The points \(P\), \(Q\) and \(R\)
lie on a sphere of unit radius centred at the origin, \(O\),
which is fixed.
Initially, \(P\) is at \(P_0(1, 0, 0)\), \(Q\) is at \(Q_0(0, 1, 0)\)
and \(R\) is at
\(R_0(0, 0, 1)\).
- The sphere is then rotated about the \(z\)-axis,
so that the line \(OP\) turns directly
towards the positive
\(y\)-axis through an angle \(\phi\). The position of \(P\) after this
rotation is denoted by \(P_1\).
Write down the coordinates of \(P_1\).
- The sphere is now rotated about the line in the \(x\)-\(y\) plane
perpendicular to \(OP_1\), so that the line \(OP\)

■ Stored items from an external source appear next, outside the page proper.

(* Let $\mathcal F$ be a lattice filter and $P$ an implication filter of an MV-algebra $\mathcal L$. Then $J_u(\mathcal F,P)$ is the smallest lattice filter $\mathcal H$ such that $\mathcal F\subseteq\mathcal H$ and $P\subseteq\mathcal K(\mathcal H)$.
   Context: $\mathcal L=(L,\oplus,\lnot,0)$ is an MV-algebra. We write $x\to y=\lnot x\oplus y$ and use the usual lattice order. A lattice filter is a nonempty upward-closed subset closed under $\wedge$. An implication filter is a subset $P\subseteq L$ containing $1$ such that $x\in P$ and $x\to y\in P$ imply $y\in P$. For an implication filter $P$, let $\sim_P$ be the congruence given by $x\sim_P y$ iff $x\to y\in P$ and $y\to x\in P$. Let $\eta_P\colon\mathcal L\to\mathcal L/P$ be the canonical epimorphism, and for $X\subseteq L$ let $X/P=\eta_P[X]$. Define $J_u(\mathcal F,P)=\eta_P^{-1}[\mathcal F/P]$. The kernel of an upward-closed set $\mathcal H$ is $\mathcal K(\mathcal H)=\{z: \forall a\notin\mathcal H,\ z\to a\notin\mathcal H\}$. *)

From Stdlib Require Import Classical.

Set Implicit Arguments.

Record MVAlgebra := {
  mv_car :> Type;
  mv_oplus : mv_car -> mv_car -> mv_car;
  mv_neg : mv_car -> mv_car;
  mv_zero : mv_car;
  mv_oplusA : forall x y z, mv_oplus x (mv_oplus y z) = mv_oplus (mv_oplus x y) z;
  mv_oplusC : forall x y, mv_oplus x y = mv_oplus y x;
  mv_oplus0 : forall x, mv_oplus x mv_zero = x;
  mv_negK : forall x, mv_neg (mv_neg x) = x;
  mv_oplus1 : forall x, mv_oplus x (mv_neg mv_zero) = mv_neg mv_zero;
  mv_luk : forall x y,
    mv_oplus (mv_neg (mv_oplus (mv_neg x) y)) y
    = mv_oplus (mv_neg (mv_oplus (mv_neg y) x)) x
}.

Section MV.
Context {L : MVAlgebra}.

Definition mv_one : L := mv_neg L (mv_zero L).
Definition mv_imp (x y : L) : L := mv_oplus L (mv_neg L x) y.
Definition mv_le (x y : L) : Prop := mv_imp x y = mv_one.
Definition mv_join (x y : L) : L := mv_oplus L (mv_neg L (mv_oplus L (mv_neg L x) y)) y.
Definition mv_meet (x y : L) : L := mv_neg L (mv_join (mv_neg L x) (mv_neg L y)).

Definition subset (X Y : L -> Prop) : Prop := forall x, X x -> Y x.

Definition upward_closed (H : L -> Prop) : Prop :=
  forall x y, H x -> mv_le x y -> H y.

Definition lattice_filter (F : L -> Prop) : Prop :=
  (exists x, F x) /\ upward_closed F /\ (forall x y, F x -> F y -> F (mv_meet x y)).

Definition implication_filter (P : L -> Prop) : Prop :=
  P mv_one /\ (forall x y, P x -> P (mv_imp x y) -> P y).

Definition simP (P : L -> Prop) (x y : L) : Prop := P (mv_imp x y) /\ P (mv_imp y x).

(* the canonical epimorphism eta_P : L -> L/P, sending x to its ~_P-class *)
Definition etaP (P : L -> Prop) (x : L) : L -> Prop := fun y => simP P x y.

(* J_u(F,P) = eta_P^{-1}[ eta_P[F] ] *)
Definition J_u (F P : L -> Prop) : L -> Prop :=
  fun x => exists f, F f /\ etaP P x = etaP P f.

Definition kernel (H : L -> Prop) : L -> Prop :=
  fun z => forall a, ~ H a -> ~ H (mv_imp z a).

End MV.

From Stdlib Require Import Classical FunctionalExtensionality PropExtensionality.

(* For an implication filter P the relation ~_P is a congruence
   for the lattice operations, and eta_P x = eta_P f holds exactly when
   x ~_P f; hence J_u(F,P) is the set of elements ~_P-equivalent to some
   element of F, i.e. the ~_P-saturation of F.
   - J_u(F,P) is a lattice filter: meets pass through ~_P, and if x ~_P f
     and x <= y then y = x \/ y ~_P f \/ y, which lies in F above f.
   - F is contained in J_u(F,P) by reflexivity of ~_P.
   - P lies in the kernel: for z in P one has z -> a ~_P a, so a saturated
     set containing z -> a contains a.
   - Minimality: if P is in the kernel of an upward-closed H containing F,
     and x ~_P f with f in F, then f -> x is in the kernel; since
     (f -> x) -> x = f \/ x lies above f, it is in H, so x is in H. *)

Set Implicit Arguments.

Section MVArithmetic.
Context {L : MVAlgebra}.
Local Notation "x (+) y" := (mv_oplus L x y) (at level 50, left associativity).
Local Notation "~~ x" := (mv_neg L x) (at level 35, right associativity).

Lemma neg_one : ~~ (@mv_one L) = mv_zero L.
Proof. unfold mv_one; apply mv_negK. Qed.

Lemma oplus0l (x : L) : mv_zero L (+) x = x.
Proof. rewrite mv_oplusC; apply mv_oplus0. Qed.

Lemma imp1l (a : L) : mv_imp mv_one a = a.
Proof. unfold mv_imp; rewrite neg_one; apply oplus0l. Qed.

Lemma imp1r (a : L) : mv_imp a mv_one = mv_one.
Proof. apply mv_oplus1. Qed.

(* x -> x = 1, obtained from Lukasiewicz's axiom with x := 1. *)
Lemma imp_refl (x : L) : mv_imp x x = mv_one.
Proof.
  pose proof (mv_luk L mv_one x) as Hluk.
  rewrite neg_one, oplus0l in Hluk.
  unfold mv_imp; rewrite Hluk; apply mv_oplus1.
Qed.

Lemma imp_exchange (x y z : L) : mv_imp x (mv_imp y z) = mv_imp y (mv_imp x z).
Proof. unfold mv_imp; rewrite !mv_oplusA, (mv_oplusC L (~~ x)); reflexivity. Qed.

Lemma imp_neg_neg (u v : L) : mv_imp (~~ u) (~~ v) = mv_imp v u.
Proof. unfold mv_imp; rewrite mv_negK; apply mv_oplusC. Qed.

Lemma imp_syllogism (x y z : L) :
  mv_imp (mv_imp x y) (mv_imp (mv_imp y z) (mv_imp x z)) = mv_one.
Proof.
  unfold mv_imp.
  assert (Hshuffle : forall a b c d : L,
            a (+) (b (+) (c (+) d)) = (b (+) d) (+) (a (+) c)).
  { intros a b c d. rewrite (mv_oplusC L c d), !mv_oplusA, (mv_oplusC L a b).
    rewrite <- (mv_oplusA L b a d), (mv_oplusC L a d), !mv_oplusA; reflexivity. }
  rewrite Hshuffle, (mv_luk L y z), <- mv_oplusA.
  assert (Hone : y (+) (~~ (~~ x (+) y) (+) ~~ x) = mv_one).
  { rewrite (mv_oplusC L (~~ (~~ x (+) y))), mv_oplusA, (mv_oplusC L y), mv_oplusC.
    apply imp_refl. }
  rewrite Hone; apply mv_oplus1.
Qed.

Lemma join_comm (x y : L) : mv_join x y = mv_join y x.
Proof. apply mv_luk. Qed.

Lemma join_of_le (x y : L) : mv_le x y -> mv_join x y = y.
Proof. intro Hxy; change (mv_imp (mv_imp x y) y = y); rewrite Hxy; apply imp1l. Qed.

Lemma le_join_l (x y : L) : mv_le x (mv_join x y).
Proof.
  change (mv_imp x (mv_imp (mv_imp x y) y) = mv_one).
  rewrite imp_exchange; apply imp_refl.
Qed.

End MVArithmetic.

Section Congruence.
Context {L : MVAlgebra}.
Variable P : L -> Prop.
Hypothesis HP : implication_filter P.

Lemma P_one : P mv_one.
Proof. apply HP. Qed.

Lemma P_mp {x y : L} : P x -> P (mv_imp x y) -> P y.
Proof. apply HP. Qed.

Lemma P_imp_trans (x y z : L) :
  P (mv_imp x y) -> P (mv_imp y z) -> P (mv_imp x z).
Proof.
  intros Hxy Hyz; apply (P_mp Hyz), (P_mp Hxy).
  rewrite imp_syllogism; apply P_one.
Qed.

Lemma P_imp_antitone (a a' b : L) :
  P (mv_imp a' a) -> P (mv_imp (mv_imp a b) (mv_imp a' b)).
Proof. intro Ha; apply (P_mp Ha); rewrite imp_syllogism; apply P_one. Qed.

Lemma sim_refl (x : L) : simP P x x.
Proof. split; rewrite imp_refl; apply P_one. Qed.

Lemma sim_sym (x y : L) : simP P x y -> simP P y x.
Proof. intros [Hxy Hyx]; split; assumption. Qed.

Lemma sim_trans (x y z : L) : simP P x y -> simP P y z -> simP P x z.
Proof. intros [Hxy Hyx] [Hyz Hzy]; split; eapply P_imp_trans; eassumption. Qed.

Lemma sim_neg (x y : L) : simP P x y -> simP P (mv_neg L x) (mv_neg L y).
Proof. intros [Hxy Hyx]; split; rewrite imp_neg_neg; assumption. Qed.

(* Compatibility with joins in the first argument: a \/ b = (a -> b) -> b. *)
Lemma sim_join_l (a a' b : L) : simP P a a' -> simP P (mv_join a b) (mv_join a' b).
Proof.
  intros [Haa' Ha'a]; split; do 2 apply P_imp_antitone; assumption.
Qed.

Lemma sim_join (a a' b b' : L) :
  simP P a a' -> simP P b b' -> simP P (mv_join a b) (mv_join a' b').
Proof.
  intros Ha Hb; apply sim_trans with (mv_join a' b).
  - apply sim_join_l, Ha.
  - rewrite (join_comm a'), (join_comm a'); apply sim_join_l, Hb.
Qed.

Lemma sim_meet (a a' b b' : L) :
  simP P a a' -> simP P b b' -> simP P (mv_meet a b) (mv_meet a' b').
Proof. intros Ha Hb; apply sim_neg, sim_join; apply sim_neg; assumption. Qed.

Lemma sim_imp_of_P (z a : L) : P z -> simP P (mv_imp z a) a.
Proof.
  intro Pz; split.
  - apply (P_mp Pz); rewrite imp_exchange, imp_refl; apply P_one.
  - rewrite imp_exchange, imp_refl, imp1r; apply P_one.
Qed.

Lemma etaP_eq (x f : L) : etaP P x = etaP P f <-> simP P x f.
Proof.
  split.
  - intro Heta; assert (Hf : etaP P f f) by apply sim_refl.
    rewrite <- Heta in Hf; exact Hf.
  - intro Hxf; apply functional_extensionality; intro y.
    apply propositional_extensionality; unfold etaP; split; intro Hy.
    + apply sim_trans with x; [apply sim_sym|]; assumption.
    + apply sim_trans with f; assumption.
Qed.

End Congruence.

Section Saturation.
Context {L : MVAlgebra}.
Variables F P : L -> Prop.
Hypothesis HF : lattice_filter F.
Hypothesis HP : implication_filter P.

Lemma J_u_iff (x : L) : J_u F P x <-> exists f, F f /\ simP P x f.
Proof.
  split; intros [f [Ff Hf]]; exists f; split; try apply (etaP_eq HP); assumption.
Qed.

Lemma J_u_saturated (x y : L) : J_u F P x -> simP P x y -> J_u F P y.
Proof.
  intros Jx Hxy; apply J_u_iff in Jx as [f [Ff Hxf]]; apply J_u_iff.
  exists f; split; [exact Ff|].
  exact (sim_trans HP (sim_sym Hxy) Hxf).
Qed.

Lemma F_sub_J_u : subset F (J_u F P).
Proof. intros x Fx; apply J_u_iff; exists x; split; [exact Fx | apply sim_refl, HP]. Qed.

Lemma J_u_upward_closed : upward_closed (J_u F P).
Proof.
  destruct HF as [_ [F_up _]].
  intros x y Jx Hxy; apply J_u_iff in Jx as [f [Ff Hxf]]; apply J_u_iff.
  exists (mv_join f y); split.
  - apply F_up with f; [exact Ff | apply le_join_l].
  - rewrite <- (join_of_le Hxy) at 1; apply sim_join_l; assumption.
Qed.

Lemma J_u_lattice_filter : lattice_filter (J_u F P).
Proof.
  destruct HF as [[f0 Ff0] [_ F_meet]].
  split; [exists f0; apply F_sub_J_u, Ff0 | split; [exact J_u_upward_closed |]].
  intros x y Jx Jy.
  apply J_u_iff in Jx as [f [Ff Hxf]]; apply J_u_iff in Jy as [g [Fg Hyg]].
  apply J_u_iff; exists (mv_meet f g); split.
  - apply F_meet; assumption.
  - apply sim_meet; assumption.
Qed.

Lemma P_sub_kernel_J_u : subset P (kernel (J_u F P)).
Proof.
  intros z Pz a nJa Jza; apply nJa.
  apply J_u_saturated with (mv_imp z a); [exact Jza | apply sim_imp_of_P; assumption].
Qed.

Lemma kernel_closed (H : L -> Prop) (f x : L) :
  upward_closed H -> subset P (kernel H) -> H f -> P (mv_imp f x) -> H x.
Proof.
  intros H_up HK Hf Pfx.
  destruct (classic (H x)) as [Hx | nHx]; [exact Hx | exfalso].
  apply (HK _ Pfx x nHx), H_up with f; [exact Hf | apply le_join_l].
Qed.

Lemma J_u_minimal (H : L -> Prop) :
  lattice_filter H -> subset F H -> subset P (kernel H) -> subset (J_u F P) H.
Proof.
  intros [_ [H_up _]] HFH HK x Jx; apply J_u_iff in Jx as [f [Ff [_ Pfx]]].
  apply kernel_closed with f; auto.
Qed.

End Saturation.

Theorem mainTheorem8 (L : MVAlgebra) (F P : L -> Prop) :
  lattice_filter F -> implication_filter P ->
  (lattice_filter (J_u F P) /\ subset F (J_u F P) /\ subset P (kernel (J_u F P))) /\
  (forall H : L -> Prop,
     lattice_filter H -> subset F H -> subset P (kernel H) -> subset (J_u F P) H).
Proof.
  intros HF HP; split; [split; [| split] |].
  - apply J_u_lattice_filter; assumption.
  - apply F_sub_J_u; assumption.
  - apply P_sub_kernel_J_u; assumption.
  - apply J_u_minimal; assumption.
Qed.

turns directly towards the positive \(z\)-axis through an angle \(\lambda\).
The position of \(P\)
after this rotation is denoted by \(P_2\).
Find the coordinates of \(P_2\).
Find also
the coordinates of the points \(Q_2\) and \(R_2\), which are
the positions of \(Q\) and \(R\) after
the two rotations.
- The sphere is now rotated for a third time,
so that \(P\) returns from \(P_2\) to its
original position~\(P_0\). During the rotation, \(P\) remains in the
plane containing \(P_0\), \(P_2\) and \(O\).
Show that the angle of this
rotation, \(\theta\), satisfies
\[
\cos\theta = \cos\phi \cos\lambda\,,
\]
and find a vector in the direction of the axis
about which this rotation takes place.